In low income settings sending teams into the community to collect samples is one part of the solution to this. However, venous blood samples will need to be processed and frozen within a few hours of sample collection (Yin et al. 2015) and in rural areas of an LIC access to laboratory facilities to do this is unlikely to be available. It is with these limitations in mind that dried blood spots represent an attractive alternative to venous blood collection as it enables samples to be collected in remote geographic locations because processing the sample for storage does not require laboratory facilities (Spooner et al. 2019; Li and Tse 2010). The ability to collect smaller blood volumes is also attractive for working with fragile patient populations in LIC settings e.g. malnourished infants (Spooner et al. 2019; Lakshmy et al. 2014; Komada et al. 2015). In addition to this Prentice et al. (Prentice et al. 2013) showed that whilst room temperature storage of DBS samples for two years does lead to significant differences in metabolite composition, room temperature storage for just a week has very little effect, meaning that there can be a short delay between sample collection and storage at either − 20 °C or − 80 °C. These findings are consistent with other studies that have shown that a range of analytes including lipids, HIV antibodies and drugs including ceftriaxone and cocaine are stable on DBS cards stored at room temperature for short periods (Kyle et al. 2017; Page-Sharp et al. 2016; Yassin et al. 2013; Alfazil and Anderson 2008). In the context of research, where large sample cohorts can take several years to collect and especially when repeat sampling is involved, the effect of long term storage at − 80 °C is also an important experimental factor to consider. Prentice et al. also looked at the stability of lipid analytes in DBS stored at both − 20 °C and − 80 °C and demonstrate that storage at − 80 °C for 2 years had a minimal effect on the lipid composition of the DBS samples (Prentice et al. 2013).

For both research and health care monitoring it is important to determine if there is good concordance in the concentrations measured in both DBS and plasma samples. There is a significant body of literature looking at how to analyse a wide range of drug analytes in these samples (Wilhelm et al. 2014; Elst et al. 2013; Manicke et al. 2011), with DBS samples being standardly used pharmokinetic studies in neonates and young children (Abu-Rabie and Spooner 2009). An array of endogenous compounds have also been measured from dried blood spots including HbA1c (Crimmins et al. 2014; Lacher et al. 2013), total cholesterol (Abhijit et al. 2016; Miller et al. 2015; Corso et al. 2016), HDL (Lacher et al. 2013; Miller et al. 2015; Samuelsson et al. 2015), triglyceride (Lakshmy et al. 2012,2010; Quraishi et al. 2006) and CRP (Elst et al. 2013) among others. A detailed discussion of this literature is beyond the scope of this manuscript and there are several excellent reviews on this subject (Spooner et al. 2019; Zakaria et al. 2016; Chance et al. 2014).
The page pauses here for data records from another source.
Lemma row_eball_compact rho : 0 <= rho -> compact (row_eball rho).
Proof.
move=> rho0; apply: bounded_closed_compact.
  apply: filterS (nbhs_pinfty_ge (num_real rho)) => M rhoM v.
  rewrite /row_eball /= enorm_le // => vv_le.
  rewrite [X in X <= _]/Num.norm /= mx_normrE.
  apply: bigmax_le => [|[i j] _ /=]; first exact: le_trans rhoM.
  rewrite (ord1 i); apply: le_trans rhoM.
  suff : `|v 0 j| ^+ 2 <= rho ^+ 2 by rewrite ler_sqr ?nnegrE.
  apply: le_trans vv_le; rewrite /dotv (bigD1 j) //= !mxE -expr2 real_normK ?num_real //.
  by rewrite lerDl sumr_ge0 // => k _; rewrite !mxE -expr2 sqr_ge0.
have -> : row_eball rho = (fun v => dotv v^T v^T : R^o) @^-1` [set x | x <= rho ^+ 2].
  by apply/seteqP; split => v; rewrite /row_eball /= enorm_le.
apply: preimage_closed; last exact: closed_le.
by move=> v _; exact: continuous_dotv_trmx_diag.
Qed.

Lemma row_eball_convex rho y z t : row_eball rho y -> row_eball rho z ->
  0 <= t <= 1 -> row_eball rho (z + t *: (y - z)).
Proof.
rewrite /row_eball /= => yB zB /andP [t0 t1].
have -> : (z + t *: (y - z))^T = (1 - t) *: z^T + t *: y^T.
  rewrite linearD linearZ /= linearB /= scalerBl scale1r scalerBr.
  by rewrite addrCA addrC.
apply: le_trans (enormD_le _ _) _; rewrite !enormZ !ger0_norm ?subr_ge0 //.
nra.
Qed.

Lemma eball_affine_feasibility n (rho : R) (a : 'I_n -> 'cV[R]_m) (b : 'I_n -> R) :
  0 <= rho ->
  (forall p : 'I_n -> R, (forall i, 0 <= p i) -> 0 < \sum_i p i ->
     exists2 z, enorm z <= rho & \sum_i p i * (dotv z (a i) + b i) <= 0) ->
  exists2 z, enorm z <= rho & forall i, dotv z (a i) + b i <= 0.
Proof.
move=> rho0 averaged_feasible.
have [|||i|i y z t|p p_ge0 S_gt0|y y_le g_le0] :=
  @joint_feasibility _ _ _ (row_eball rho) (fun i v => dotv v^T (a i) + b i).
- by exists 0; rewrite /row_eball /= trmx0 enorm0.
- exact: row_eball_compact.
- exact: row_eball_convex.
- exact: continuous_dotv_trmx.
- by rewrite linearD linearZ linearB /= dotvDl dotvZl dotvBl; ring.
- have [z z_le z_avg] := averaged_feasible p p_ge0 S_gt0.
  by exists z^T; rewrite /row_eball /= trmxK.
- by exists y^T.
Qed.

End EuclideanBall.

Section DistortionCertificate.
Variables (R : realType) (d m k : nat).

Lemma convhull_normalised_combination (T : set 'cV[R]_d) (t : 'I_k -> 'cV[R]_d)
    (p : 'I_k -> R) :
  (forall i, T (t i)) -> (forall i, 0 <= p i) -> 0 < \sum_i p i ->
  convhull T ((\sum_i p i)^-1 *: \sum_i p i *: t i).
Proof.
move=> Tt p_ge0 S_gt0; exists k, (fun i => p i / \sum_j p j), t; split => //.
- by move=> i; rewrite divr_ge0 // ltW.
- by rewrite -mulr_suml divff // gt_eqF.
- by rewrite scaler_sumr; apply: eq_bigr => i _; rewrite scalerA mulrC.
Qed.

Lemma exists_antialigned (x : 'cV[R]_m) (rho : R) : 0 <= rho ->
  exists2 z, enorm z <= rho & dotv z x = - (rho * enorm x).
Proof.
move=> rho0; have [x0|x_neq0] := eqVneq (enorm x) 0.
  by exists 0; rewrite ?enorm0 // dotv0l x0 mulr0 oppr0.
have x_gt0 : 0 < enorm x by rewrite lt_def x_neq0 enorm_ge0.
exists (- (rho / enorm x) *: x).
  by rewrite enormZ normrN ger0_norm ?divr_ge0 ?enorm_ge0 // divfK.
by rewrite dotvZl -enorm_sqr; field.
Qed.

Lemma cvx_hull_distortion_certificate (Pi : 'M[R]_(m, d)) (eta : R)
    (T : set 'cV[R]_d) (t : 'I_k -> 'cV[R]_d) (r : 'cV[R]_d) (p : 'I_k -> R) :
  cvx_hull_distortion Pi eta T -> (forall i, T (t i)) ->
  (forall i, 0 <= p i) -> 0 < \sum_i p i ->
  exists2 z : 'cV[R]_m, enorm z <= enorm r &
    \sum_i p i * (dotv z (Pi *m t i) - dotv r (t i)) <= eta * enorm r * \sum_i p i.
Proof.
move=> distortion Tt p_ge0 S_gt0.
set S := \sum_i p i in S_gt0 *; pose v := \sum_i p i *: t i.
have v_le : enorm v <= enorm (Pi *m v) + eta * S.
  have := distortion _ (convhull_normalised_combination Tt p_ge0 S_gt0).
  rewrite -/S -/v -scalemxAr !enormZ [`|S^-1|]gtr0_norm ?invr_gt0 //.
  rewrite -mulrBr mulrC ltr_norml ltr_pdivlMr // => /andP [lower _]; lra.
have [z z_le z_Piv] := exists_antialigned (Pi *m v) (enorm_ge0 r).
exists z => //.
have -> : \sum_i p i * (dotv z (Pi *m t i) - dotv r (t i)) =
    dotv z (Pi *m v) - dotv r v.
  rewrite mulmx_sumr !dotv_sumr -sumrB; apply: eq_bigr => i _.
  by rewrite -scalemxAr !dotvZr mulrBr.
have := CauchySchwarz (- r) v; rewrite dotvNl enormN z_Piv.
have := enorm_ge0 r; nra.
Qed.

End DistortionCertificate.

Lemma secantsN (R : realType) d (X : set 'cV[R]_d) w :
  secants X w -> secants X (- w).
Proof.
move=> w_sec e e_gt0; have [v [x [y [Xx Xy xy v_def]]] close] := w_sec e e_gt0.
exists ((enorm (y - x))^-1 *: (y - x)); first by exists y, x; split => //; exact/nesym.
by rewrite -(opprB x y) enormN scalerN -v_def -opprD enormN.
Qed.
Many of these studies have been successful and achieved good concordance between the concentration of a given analyte when measured in both DBS and plasma samples making them useful tools in research and healthcare monitoring. For example Lakshmy et al. was able to achieve a correlation of r = 0.797 between concentrations of total cholesterol measured in DBS and serum samples (Lakshmy et al. 2012). This is broadly in kee** with the other results reported in the literature with Samuelsson et al. reporting r = 0.480 (Samuelsson et al. 2015), Corso et al. achieving r = 0.611 (Corso et al. 2016) and Lacher et al. an R2 of 0.340 (Lacher et al. 2013) between concentrations of total cholesterol measured in DBS and serum samples. This concordance between studies is not just seen for total cholesterol with Quraishi et al. obtaining a correlation of r = 0.970 between triglyceride concentration measured in DBS and plasma samples (Quraishi et al. 2006) with subsequent studies achieving correlations of r = 0.838 and r = 944 (Lakshmy et al. 2012,2010). The ability to obtain a good measure of a given analyte with a strong correlation between plasma and DBS concentrations is not the only factor in ensuring that the two sample types are comparable; it is also important to ensure that the relationship between a given analyte and a clinical outcome measure present in the original blood sample are maintained in the DBS sample. For example if we consider measurement of activity of steraoyl-CoA desaturase using the ratio of PC(32:1) to PC(32:0), and either of PC(32:1) or PC(32:0) are diffuse differently across the sorbent or have differing extraction recoveries then this ratio will be changed giving false reading for the activity of this enzyme.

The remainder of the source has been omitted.